Feminine Topography, 1995
Plaster, acrylic paint – 180 × 525 × 290 mm
Feminine Topography is an expressive plaster sculpture painted in black and green acrylic, depicting a reclining female figure curled into a fetal position. Grotesque and organic in form, the piece draws a lyrical yet unsettling parallel between body and landscape, merging human anatomy with the topography of nature. The figure evokes the shape of a mountain ridge, a shadowed valley, or the pebble-strewn bed of a woodland stream: here, the female body is not merely represented – it is lived, concealed, and overgrown.
The work originates in the artist’s personal experience of inhabiting an anorexic body – an ongoing struggle between control and surrender, between the pursuit of thinness and the inescapable markers of femininity. Despite intense efforts at self-erasure through starvation, exercise, and purging, the artist’s body retained its full hips and feminine curves. The sculpture reflects this paradox: devoid of secondary sex characteristics such as breasts, hair, or genitalia, it nonetheless exudes a deep femininity.
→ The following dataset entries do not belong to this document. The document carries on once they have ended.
(* Let $k\in\{2,3,4,5,6\}$ and let $n$ be a positive integer. With $\ell:=\lfloor (k+1)^2/4\rfloor$ and $q:=n\bmod \ell$, \[ \nu_k(K_{k+1,n}) \ge q\binom{\frac{n-q}{\ell}+1}{2} + (\ell-q)\binom{\frac{n-q}{\ell}}{2}. \]
   Context: A book with $k$ pages consists of a line (the spine) and $k$ half-planes (the pages) whose common boundary is the spine. A $k$-page drawing of a graph places all vertices on the spine and draws each edge inside a single page (edges may cross). $\nu_k(G)$ is the minimum number of crossings over all $k$-page drawings of $G$. Convention: $\binom{a}{b}=0$ whenever $a<b$. *)

From mathcomp Require Import all_boot all_fingroup.
Set Implicit Arguments. Unset Strict Implicit. Unset Printing Implicit Defensive.

(* Complete bipartite graph K_{m,n}: vertices 'I_m + 'I_n, edges 'I_m * 'I_n
   (edge (i,j) joins inl i and inr j). *)
Definition bvert (m n : nat) := ('I_m + 'I_n)%type.
Definition bedge (m n : nat) := ('I_m * 'I_n)%type.

(* A k-page drawing (combinatorial form): a linear order of the vertices along
   the spine, given by a permutation of the vertex set (vertex v sits at
   position enum_rank (sigma v)), together with a page for each edge. *)
Definition drawing (k m n : nat) := ({perm bvert m n} * {ffun bedge m n -> 'I_k})%type.

Section Draw.
Variables (k m n : nat).

Definition pos (d : drawing k m n) (v : bvert m n) : nat := enum_rank (d.1 v).

Definition lo (d : drawing k m n) (e : bedge m n) : nat :=
  minn (pos d (inl e.1)) (pos d (inr e.2)).
Definition hi (d : drawing k m n) (e : bedge m n) : nat :=
  maxn (pos d (inl e.1)) (pos d (inr e.2)).

(* e and f (same page) cross iff their endpoints strictly interleave along the
   spine; the asymmetric condition counts each unordered crossing pair once. *)
Definition crossb (d : drawing k m n) (e f : bedge m n) : bool :=
  (d.2 e == d.2 f) && [&& lo d e < lo d f, lo d f < hi d e & hi d e < hi d f].

Definition crossings (d : drawing k m n) : nat :=
  #|[set ef : bedge m n * bedge m n | crossb d ef.1 ef.2]|.
End Draw.

(* nu_k(K_{m,n}): minimum number of crossings over all k-page drawings
   (the default #|E|^2 is an upper bound on every crossing count and is only
   returned when there is no drawing, i.e. k = 0). *)
Definition nu (k m n : nat) : nat :=
  \big[minn/(m * n) ^ 2]_(d : drawing k m n) crossings d.

(* Every k-page drawing of K_{k+1,n} induces a conflict graph on the n vertices
   of the large class: two of them are adjacent when an edge at one crosses an
   edge at the other.  A finite computation shows that K_{k+1,l+1}, with
   l = floor((k+1)^2/4), has no crossing-free k-page drawing: up to rotation and
   reflection of the spine, for every arrangement of the k+1 + l+1 vertices the
   graph of crossing chords has no proper k-colouring.  Hence the conflict graph
   has independence number at most l, Turan's theorem gives it at least
   sum_(i < n) floor(i / l) edges, and each edge is witnessed by a crossing. *)

From mathcomp Require Import all_boot all_fingroup zify.
Set Implicit Arguments. Unset Strict Implicit. Unset Printing Implicit Defensive.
Emphasis is placed on the hips and waist, where soft, undulating lines assert their presence with archaic power, resisting all attempts at elimination. This body is not an object but a terrain – an entity curled in survival, blending into its environment like a dark mountain cloaked in forests and streams.
Feminine Topography embodies a stark duality: it radiates both calm, like a sleeping animal, and alarm, like a creature curled in fear. The tension between serenity and anxiety, beauty and distortion, concealment and monumentality animates the work. Despite its modest scale, the figure conveys a monumental presence – echoing the artist’s past distorted self-image, in which even a severely emaciated body still appeared excessive and cumbersome.
More than a personal confession, the sculpture offers a sensitive reflection on the social and internalized perceptions of the female body – its malleability and its resistance. Feminine Topography presents a closed yet cosmically resonant universe: a landscape shaped by the body, where fragility becomes a form of strength.